▶ **PROBLEM**:
Every line of the entries below that carries the string "move" should be copied.

(Data extracted from a collection)
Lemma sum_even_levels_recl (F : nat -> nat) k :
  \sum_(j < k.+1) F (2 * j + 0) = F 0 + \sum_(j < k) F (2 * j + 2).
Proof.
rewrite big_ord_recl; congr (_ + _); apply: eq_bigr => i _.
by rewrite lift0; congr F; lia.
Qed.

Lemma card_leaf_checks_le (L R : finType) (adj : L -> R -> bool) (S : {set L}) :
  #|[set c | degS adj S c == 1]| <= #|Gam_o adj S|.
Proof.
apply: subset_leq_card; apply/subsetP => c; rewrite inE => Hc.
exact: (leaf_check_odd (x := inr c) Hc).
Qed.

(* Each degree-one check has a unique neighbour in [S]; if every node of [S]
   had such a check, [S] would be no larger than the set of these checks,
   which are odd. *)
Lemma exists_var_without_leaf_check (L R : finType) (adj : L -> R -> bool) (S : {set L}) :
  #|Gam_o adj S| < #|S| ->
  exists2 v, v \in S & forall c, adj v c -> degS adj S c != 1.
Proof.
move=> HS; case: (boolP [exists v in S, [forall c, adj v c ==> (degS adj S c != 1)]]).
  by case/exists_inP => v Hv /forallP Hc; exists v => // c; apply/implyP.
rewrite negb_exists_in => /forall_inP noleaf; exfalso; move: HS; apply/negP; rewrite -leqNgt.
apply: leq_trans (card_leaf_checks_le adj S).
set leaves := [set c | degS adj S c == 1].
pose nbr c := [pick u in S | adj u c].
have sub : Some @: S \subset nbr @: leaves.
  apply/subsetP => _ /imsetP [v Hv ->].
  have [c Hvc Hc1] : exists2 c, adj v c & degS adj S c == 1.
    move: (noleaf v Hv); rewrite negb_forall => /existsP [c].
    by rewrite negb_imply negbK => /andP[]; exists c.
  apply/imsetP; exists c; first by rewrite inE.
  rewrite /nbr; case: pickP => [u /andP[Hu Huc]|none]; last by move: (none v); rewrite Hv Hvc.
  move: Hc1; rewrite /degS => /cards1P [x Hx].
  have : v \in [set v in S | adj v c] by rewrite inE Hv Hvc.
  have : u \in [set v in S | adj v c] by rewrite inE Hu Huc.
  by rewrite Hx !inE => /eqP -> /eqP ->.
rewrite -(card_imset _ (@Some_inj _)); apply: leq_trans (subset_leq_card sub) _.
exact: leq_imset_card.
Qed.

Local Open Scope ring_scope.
--
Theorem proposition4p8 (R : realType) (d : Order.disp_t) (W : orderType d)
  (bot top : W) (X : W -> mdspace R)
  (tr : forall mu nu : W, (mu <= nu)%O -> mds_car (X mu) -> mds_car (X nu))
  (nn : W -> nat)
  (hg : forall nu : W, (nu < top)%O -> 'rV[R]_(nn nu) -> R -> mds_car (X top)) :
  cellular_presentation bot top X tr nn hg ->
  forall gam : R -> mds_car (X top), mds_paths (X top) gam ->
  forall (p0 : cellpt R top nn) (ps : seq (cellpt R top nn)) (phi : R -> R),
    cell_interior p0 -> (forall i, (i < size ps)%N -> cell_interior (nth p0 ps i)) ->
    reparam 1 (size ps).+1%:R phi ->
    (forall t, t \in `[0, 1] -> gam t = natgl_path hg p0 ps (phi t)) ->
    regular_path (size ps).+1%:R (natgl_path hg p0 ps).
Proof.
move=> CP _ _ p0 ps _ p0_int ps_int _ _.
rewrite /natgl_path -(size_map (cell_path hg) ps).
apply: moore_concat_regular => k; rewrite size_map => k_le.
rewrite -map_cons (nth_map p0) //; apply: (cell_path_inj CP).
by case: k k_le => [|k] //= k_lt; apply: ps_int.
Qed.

▶ **WRITTEN RESPONSE**:
move=> HS; case: (boolP [exists v in S, [forall c, adj v c ==> (degS adj S c != 1)]]).
rewrite negb_exists_in => /forall_inP noleaf; exfalso; move: HS; apply/negP; rewrite -leqNgt.
    move: (noleaf v Hv); rewrite negb_forall => /existsP [c].
  rewrite /nbr; case: pickP => [u /andP[Hu Huc]|none]; last by move: (none v); rewrite Hv Hvc.
  move: Hc1; rewrite /degS => /cards1P [x Hx].
move=> CP _ _ p0 ps _ p0_int ps_int _ _.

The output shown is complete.